RECORDS FOR THIS EXERCISE section start

(* Let $m,n\ge1$ with $(m,n)=1$, let $d_1,\dots,d_{\tau(m)}$ and $e_1,\dots,e_{\tau(n)}$ be orderings of the positive divisors of $m$ and $n$, and order the divisors of $mn$ as $f_{\sigma(i,i')}=d_ie_{i'}$, where $\sigma(i,i')=(i-1)\tau(n)+i'$ (lexicographic order). With the matrices $M_i(N),D_i(N),W(N)$ defined as in the context (for $N=m$, $n$, $mn$ with these divisor orderings), we have, for all $1\le i,j,k\le\tau(m)$ and $1\le i',j',k'\le\tau(n)$, $$[M_{\sigma(i,i')}(mn)]_{\sigma(j,j'),\sigma(k,k')}=[M_i(m)]_{j,k}[M_{i'}(n)]_{j',k'},$$ $$[D_{\sigma(i,i')}(mn)]_{\sigma(j,j'),\sigma(k,k')}=[D_i(m)]_{j,k}[D_{i'}(n)]_{j',k'},$$ $$[W(mn)]_{\sigma(j,j'),\sigma(k,k')}=[W(m)]_{j,k}[W(n)]_{j',k'}.$$ That is, $M_{\sigma(i,i')}(mn)=M_i(m)\otimes M_{i'}(n)$, $D_{\sigma(i,i')}(mn)=D_i(m)\otimes D_{i'}(n)$, $W(mn)=W(m)\otimes W(n)$. Moreover $W(mn)=S(mn)$, where $[S(mn)]_{j,k}=c_{f_j}(mn/f_k)$.
   Context: For integers $N\ge1$ and $x$, $c_N(x)=\sum_{1\le j\le N,\ (j,N)=1}e^{2\pi ijx/N}$ is the Ramanujan sum; $\phi$ is Euler's totient, $\tau(N)$ the number of divisors of $N$. Given an ordering $d_1,\dots,d_{\tau(N)}$ of the divisors of $N$, let $K_j=\{a\in\mathbb{Z}/N\mathbb{Z}:(a,N)=N/d_j\}$ (so $|K_j|=\phi(d_j)$). For $1\le i,j,k\le\tau(N)$, let $a_{i,j,k}(N)$ be the number of $(x,y)\in K_i\times K_j$ with $x+y=z$ in $\mathbb{Z}/N\mathbb{Z}$, for a fixed $z\in K_k$ (independent of the choice of $z$). Define $M_i(N)=(a_{i,j,k}(N))_{j,k}$, $W(N)=(w_{j,k})_{j,k}$ with $w_{j,k}=\phi(d_j)c_{d_k}(N/d_j)/\phi(d_k)$, and $D_i(N)=\operatorname{diag}(w_{i,1},\dots,w_{i,\tau(N)})$. *)

From mathcomp Require Import all_boot all_order all_algebra all_field.
Set Implicit Arguments. Unset Strict Implicit. Unset Printing Implicit Defensive.
Import Order.TTheory GRing.Theory Num.Theory.
Local Open Scope ring_scope.

Definition tau (N : nat) : nat := size (divisors N).

(* ds is an ordering d_1,...,d_tau(N) of the divisors of N (0-based: d_i = nth 0 ds i) *)
Definition divisor_ordering (N : nat) (ds : seq nat) : Prop := perm_eq ds (divisors N).

(* e^{2 pi i / N} : N.-root picks the N-th root of -1 of minimal nonnegative
   argument, i.e. e^{i pi / N}; its square is e^{2 pi i / N}. *)
Definition expi (N : nat) : algC := (N.-root (-1)) ^+ 2.

Definition ramanujan (N x : nat) : algC :=
  \sum_(j < N.+1 | (0 < j)%N && coprime j N) expi N ^+ (j * x).

(* a_{i,j,k}(N), 0-based indices into the ordering ds; the fixed z in K_k is
   taken to be N/d_k (mod N), which satisfies (z,N) = N/d_k. *)
Definition a_coef (N : nat) (ds : seq nat) (i j k : nat) : nat :=
  #|[set p : 'I_N * 'I_N |
       [&& gcdn p.1 N == N %/ nth 0 ds i,
           gcdn p.2 N == N %/ nth 0 ds j &
           (p.1 + p.2) %% N == (N %/ nth 0 ds k) %% N]%N]|.

Definition Mentry (N : nat) (ds : seq nat) (i j k : nat) : nat := a_coef N ds i j k.

Definition Wentry (N : nat) (ds : seq nat) (j k : nat) : algC :=
  (totient (nth 0 ds j))%:R * ramanujan (nth 0 ds k) (N %/ nth 0 ds j)%N
  / (totient (nth 0 ds k))%:R.

Definition Dentry (N : nat) (ds : seq nat) (i j k : nat) : algC :=
  if j == k then Wentry N ds i j else 0.

Definition Sentry (N : nat) (fs : seq nat) (j k : nat) : algC :=
  ramanujan (nth 0 fs j) (N %/ nth 0 fs k)%N.

Definition prod_ordering (ds es : seq nat) : seq nat :=
  [seq d * e | d <- ds, e <- es]%N.

(* sigma(i,i') = i * tau(n) + i'  (0-based version of (i-1)tau(n)+i') *)
Definition sigma (taun i i' : nat) : nat := (i * taun + i')%N.

(* By the Chinese remainder theorem, the pairs (x, y) counted by a_{i,j,k}(mn)
   split into pairs counted modulo m and modulo n, and c_{de}(x) = c_d(x) c_e(x)
   for coprime d, e; multiplying the target or the argument by a unit changes
   neither a count nor a Ramanujan sum, which absorbs the cross factors
   n/e_{k'} mod m and m/d_k mod n.  W = S is the symmetry
   phi(d) c_e(N/d) = phi(e) c_d(N/e): both sides equal the sum of
   zeta_N^(a (N/d) b (N/e)) over the units a mod d and b mod e, after lifting
   each unit a mod d to a unit mod N.  Computing Ramanujan sums from any
   primitive root requires expi N to be primitive, which follows from
   N.-root (-1) having maximal real part among the 2N-th roots of unity
   other than 1. *)

From mathcomp Require Import all_boot all_order all_algebra all_field.
From mathcomp Require Import ring.
Set Implicit Arguments.
Unset Strict Implicit.
Unset Printing Implicit Defensive.

Import Order.TTheory GRing.Theory Num.Theory.
Local Open Scope ring_scope.

(** * Primitivity of [expi N] *)

Lemma exists_max_Re (T : finType) (P : pred T) (f : T -> algC) (x0 : T) :
  P x0 -> exists2 x, P x & forall y, P y -> 'Re (f y) <= 'Re (f x).
Proof.
move=> Px0.
suff [[]|[x Px Hx]] : enum P = [::] \/
    exists2 x, x \in enum P & {in enum P, forall y, 'Re (f y) <= 'Re (f x)}.
- by move=> enumP0; have := mem_enum P x0; rewrite enumP0 in_nil unfold_in Px0.
- by exists x => [|y Py]; [rewrite mem_enum in Px | apply: Hx; rewrite mem_enum].
elim: (enum P) => [|a s [->|[x xs Hx]]]; [by left | right | right].
  by exists a => [|y]; rewrite ?inE // => /eqP->.
have [le_ax|lt_xa] := real_leP (Creal_Re (f a)) (Creal_Re (f x)).
  exists x => [|y]; first by rewrite inE xs orbT.
  by rewrite inE => /predU1P[->|/Hx].
exists a => [|y]; first by rewrite inE eqxx.
by rewrite inE => /predU1P[->//|/Hx le_yx]; exact: le_trans le_yx (ltW lt_xa).
Qed.

Lemma sqr_ReIm_norm1 (z : algC) : `|z| = 1 -> 'Re z ^+ 2 + 'Im z ^+ 2 = 1.
Proof. by move=> z1; rewrite -normC2_Re_Im z1 expr1n. Qed.

Lemma norm_unity_root (z : algC) n : (0 < n)%N -> z ^+ n = 1 -> `|z| = 1.
Proof.
move=> n_gt0 zn1; apply/eqP; rewrite -(pexpr_eq1 n_gt0) ?normr_ge0 //.
by rewrite -normrX zn1 normr1.
Qed.

(* [v = p + i q] and [y = c + i s] on the unit circle, with the real parts of
   [v y] and [v y^*] at most that of [v]. *)
Lemma unit_circle_rotation (R : numDomainType) (p q c s : R) :
  p ^+ 2 + q ^+ 2 = 1 -> c ^+ 2 + s ^+ 2 = 1 -> c < 1 ->
  p * c - q * s <= p -> p * c + q * s <= p -> p <= c -> False.
Proof.
move=> pq1 cs1 c_lt1 rot_le rot'_le le_pc.
have A_ge0 : 0 <= p - p * c + q * s.
  by rewrite (_ : _ + _ = p - (p * c - q * s)) ?subr_ge0 //; ring.
have B_ge0 : 0 <= p - p * c - q * s.
  by rewrite (_ : _ - _ = p - (p * c + q * s)) ?subr_ge0 //; ring.
have c1_gt0 : 0 < 1 - c by rewrite subr_gt0.
have AB : (p - p * c + q * s) * (p - p * c - q * s) = (1 - c) * (2 * p ^+ 2 - 1 - c).
  have q2 : q ^+ 2 = 1 - p ^+ 2 by rewrite -pq1; ring.
  have s2 : s ^+ 2 = 1 - c ^+ 2 by rewrite -cs1; ring.
  transitivity ((p - p * c) ^+ 2 - q ^+ 2 * s ^+ 2); first by ring.
  by rewrite q2 s2; ring.
have F_ge0 : 0 <= 2 * p ^+ 2 - 1 - c by rewrite -(pmulr_rge0 _ c1_gt0) -AB mulr_ge0.
have p_ge0 : 0 <= p.
  have : 0 <= (p - p * c + q * s) + (p - p * c - q * s) by rewrite addr_ge0.
  rewrite (_ : _ + _ = p * (2 * (1 - c))); last by ring.
  by rewrite pmulr_lge0 // mulr_gt0 // ltr0n.
have c_ge0 : 0 <= c := le_trans p_ge0 le_pc.
have : 0 <= (2 * c + 1) * (c - 1).
  rewrite (_ : _ * _ = (2 * p ^+ 2 - 1 - c) + 2 * ((c - p) * (c + p))); last by ring.
  by rewrite addr_ge0 // mulr_ge0 ?ler0n // mulr_ge0 ?subr_ge0 ?addr_ge0.
rewrite pmulr_rge0; last by rewrite ltr_wpDl ?ltr01 // mulr_ge0 ?ler0n.
by rewrite subr_ge0 (lt_geF c_lt1).
Qed.

Lemma Re_rotation_max (v y : algC) : `|v| = 1 -> `|y| = 1 ->
  'Re (v * y) <= 'Re v -> 'Re (v * y^*) <= 'Re v -> 'Re v <= 'Re y -> y = 1.
Proof.
move=> v1 y1; rewrite ReM ReM Re_conj Im_conj mulrN opprK => rot_le rot'_le le_vy.
have [Re_y_lt1|Re_y_ge1] := real_ltP (Creal_Re y) (real1 algC).
  have := unit_circle_rotation (sqr_ReIm_norm1 v1) (sqr_ReIm_norm1 y1) Re_y_lt1.
  by case/(_ rot_le rot'_le le_vy).
have Re_y1 : 'Re y = 1.
  apply/eqP; rewrite eq_le Re_y_ge1 andbT -y1.
  exact: le_trans (real_ler_norm (Creal_Re y)) (leif_normC_Re_Creal y).1.
have /eqP : 'Im y ^+ 2 = 0.
  by apply: (@addrI _ 1); rewrite addr0 -{1}(expr1n _ 2) -Re_y1 sqr_ReIm_norm1.
by rewrite sqrf_eq0 => /eqP Im_y0; rewrite [y]Crect Re_y1 Im_y0 mulr0 addr0.
Qed.

Lemma max_Re_prim_root M (y : algC) : (1 < M)%N -> y ^+ M = 1 -> y != 1 ->
  (forall z, z ^+ M = 1 -> z != 1 -> 'Re z <= 'Re y) -> M.-primitive_root y.
Proof.
move=> M_gt1 yM1 y_neq1 Re_y_max; have M_gt0 := ltnW M_gt1.
have [x x_prim] := C_prim_root_exists M_gt0.
have xM1 := prim_expr_order x_prim.
have [/existsP[j /eqP xyj]|/existsPn x_notin_y] := boolP [exists j : 'I_M, x == y ^+ j].
  have [r r_prim r_dvdM] := prim_order_exists M_gt0 yM1.
  suff -> : M = r by [].
  apply/eqP; rewrite eqn_dvd r_dvdM (prim_order_dvd x_prim) xyj andbT.
  by rewrite exprAC (prim_expr_order r_prim) expr1n.
(* [v] maximizes the real part on the coset [x <y>], which avoids 1. *)
have [j0 _ max_j0] :=
  @exists_max_Re _ predT (fun j : 'I_M => x * y ^+ j) (Ordinal M_gt0) isT.
set v := x * y ^+ j0 in max_j0.
have Re_v_max k : 'Re (v * y ^+ k) <= 'Re v.
  have := max_j0 (Ordinal (ltn_pmod (j0 + k) M_gt0)) isT.
  by rewrite /= expr_mod // exprD mulrA.
have vM1 : v ^+ M = 1 by rewrite exprMn xM1 exprAC yM1 expr1n mulr1.
have v_neq1 : v != 1.
  apply/eqP => v1; have /negP := x_notin_y (Ordinal (ltn_pmod (M - j0) M_gt0)); apply.
  rewrite /= expr_mod //; apply/eqP.
  have : v * y ^+ (M - j0) = y ^+ (M - j0) by rewrite v1 mul1r.
  by rewrite -mulrA -exprD subnKC ?yM1 ?mulr1 // ltnW.
have y_norm1 := norm_unity_root (ltnW M_gt1) yM1.
have y_conj : y^* = y ^+ (M - 1).
  have y_neq0 : y != 0 by rewrite -normr_eq0 y_norm1 oner_neq0.
  apply: (mulfI y_neq0).
  by rewrite -normCK y_norm1 expr1n -exprS subn1 prednK.
case/eqP: y_neq1; apply: (Re_rotation_max (norm_unity_root M_gt0 vM1) y_norm1).
- by rewrite -[y]expr1 Re_v_max.
- by rewrite y_conj Re_v_max.
- exact: Re_y_max.
Qed.

(* [N.-root (-1)] maximizes the real part among the [2N]-th roots of unity
   other than 1 (the maximizer is primitive, so it is an [N]-th root of [-1]). *)
Lemma expi_prim N : (0 < N)%N -> N.-primitive_root (expi N).
Proof.
move=> N_gt0; rewrite /expi; set w := N.-root (-1).
have wN : w ^+ N = -1 := rootCK N_gt0 (-1).
have M_gt1 : (1 < 2 * N)%N by rewrite mul2n -addnn (leq_add N_gt0 N_gt0).
have M_gt0 := ltnW M_gt1.
have wM1 : w ^+ (2 * N) = 1 by rewrite mulnC exprM wN sqrrN expr1n.
have N1_neq1 : (-1 : algC) != 1 by rewrite eq_sym -subr_eq0 opprK -mulr2n pnatr_eq0.
have w_neq1 : w != 1 by apply: contra N1_neq1 => /eqP w1; rewrite -wN w1 expr1n.
have [x x_prim] := C_prim_root_exists M_gt0.
have [i i_gt0 max_i] :=
  @exists_max_Re _ (fun i : 'I_(2 * N) => (0 < i)%N) (fun i => x ^+ i) (Ordinal M_gt1) isT.
set y := x ^+ i in max_i.
have Re_y_max z : z ^+ (2 * N) = 1 -> z != 1 -> 'Re z <= 'Re y.
  move=> zM1 z_neq1; have [k zk] := prim_rootP x_prim zM1.
  rewrite zk; apply: max_i; rewrite lt0n.
  by apply: contraNneq z_neq1; rewrite zk => ->.
have y_neq1 : y != 1.
  by rewrite /y -(expr0 x) (eq_prim_root_expr x_prim) mod0n modn_small // -lt0n.
have yM1 : y ^+ (2 * N) = 1 by rewrite exprAC (prim_expr_order x_prim) expr1n.
have y_prim := max_Re_prim_root M_gt1 yM1 y_neq1 Re_y_max.
have yN : y ^+ N = -1.
  have : (y ^+ N) ^+ 2 == 1 by rewrite -exprM mulnC yM1.
  rewrite sqrf_eq1 => /orP[|/eqP//].
  rewrite -(prim_order_dvd y_prim) => /(dvdn_leq N_gt0).
  by rewrite leqNgt mul2n -addnn -[X in (X < _)%N]addn0 ltn_add2l N_gt0.
have le_yw : 'Re y <= 'Re w.
  have [Im_y_ge0|Im_y_lt0] := real_leP (real0 _) (Creal_Im y).
    exact: rootC_Re_max N_gt0 yN Im_y_ge0.
  rewrite -Re_conj; apply: rootC_Re_max N_gt0 _ _.
    by rewrite -rmorphXn /= yN rmorphN1.
  by rewrite Im_conj oppr_ge0 ltW.
have w_prim : (2 * N).-primitive_root w.
  apply: max_Re_prim_root M_gt1 wM1 w_neq1 _ => z zM1 z_neq1.
  exact: le_trans (Re_y_max z zM1 z_neq1) le_yw.
by have := dvdn_prim_root w_prim (dvdn_mull 2 (dvdnn N)); rewrite mulnK.
Qed.

(** * Ramanujan sums *)

Lemma eqn_modMr_coprime u q a b : coprime u q ->
  (a * u == b * u %[mod q])%N = (a == b %[mod q])%N.
Proof.
move=> co_uq; wlog le_ab : a b / (a <= b)%N.
  move=> IH; have [/IH//|/ltnW/IH] := leqP a b.
  by rewrite eq_sym [X in _ = X]eq_sym.
rewrite eq_sym [X in _ = X]eq_sym !eqn_mod_dvd ?leq_mul2r ?le_ab ?orbT //.
by rewrite -mulnBl Gauss_dvdl // coprime_sym.
Qed.

Lemma ord_eq_mod q (a b : 'I_q) : (a == b %[mod q])%N -> a = b.
Proof. by rewrite !modn_small // => /eqP/val_inj. Qed.

Lemma ord_mulr_coprime_inj q (q_gt0 : (0 < q)%N) u : coprime u q ->
  injective (fun j : 'I_q => Ordinal (ltn_pmod (j * u) q_gt0)).
Proof.
by move=> co_uq i j /(congr1 val) /= /eqP; rewrite eqn_modMr_coprime // => /ord_eq_mod.
Qed.

Section RamanujanAt.

Variable R : fieldType.
Implicit Types (z : R) (q x : nat).

Definition ramanujan_at z q x : R := \sum_(j < q | coprime j q) z ^+ (j * x).

Lemma ramanujan_atX z k q x : ramanujan_at (z ^+ k) q x = ramanujan_at z q (k * x).
Proof. by apply: eq_bigr => j _; rewrite -exprM mulnCA. Qed.

Lemma ramanujan_atMn_coprime z q x u : z ^+ q = 1 -> coprime u q ->
  ramanujan_at z q (u * x) = ramanujan_at z q x.
Proof.
have [-> _ _|q_gt0 zq1 co_uq] := posnP q; first by rewrite /ramanujan_at !big_ord0.
rewrite /ramanujan_at [RHS](reindex_inj (@ord_mulr_coprime_inj _ q_gt0 _ co_uq)) /=.
apply: eq_big => [j|j _] /=; first by rewrite coprime_modl coprimeMl co_uq andbT.
by rewrite mulnA -!(mulnC x) !exprM expr_mod ?exprM // exprAC zq1 expr1n.
Qed.

Lemma eq_ramanujan_at_prim z z' q x :
  q.-primitive_root z -> q.-primitive_root z' -> ramanujan_at z q x = ramanujan_at z' q x.
Proof.
move=> z_prim z'_prim; have [k z'E] := prim_rootP z_prim (prim_expr_order z'_prim).
have co_kq : coprime k q by rewrite -(prim_root_exp_coprime k z_prim) -z'E.
by rewrite z'E ramanujan_atX ramanujan_atMn_coprime // (prim_expr_order z_prim).
Qed.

RECORDS FOR THIS EXERCISE section end

→ **TASK REQUIREMENTS**
Your answer should be a single number: the count of lines in these records that hold the string "case".

→ **RESPONSE BOX**
2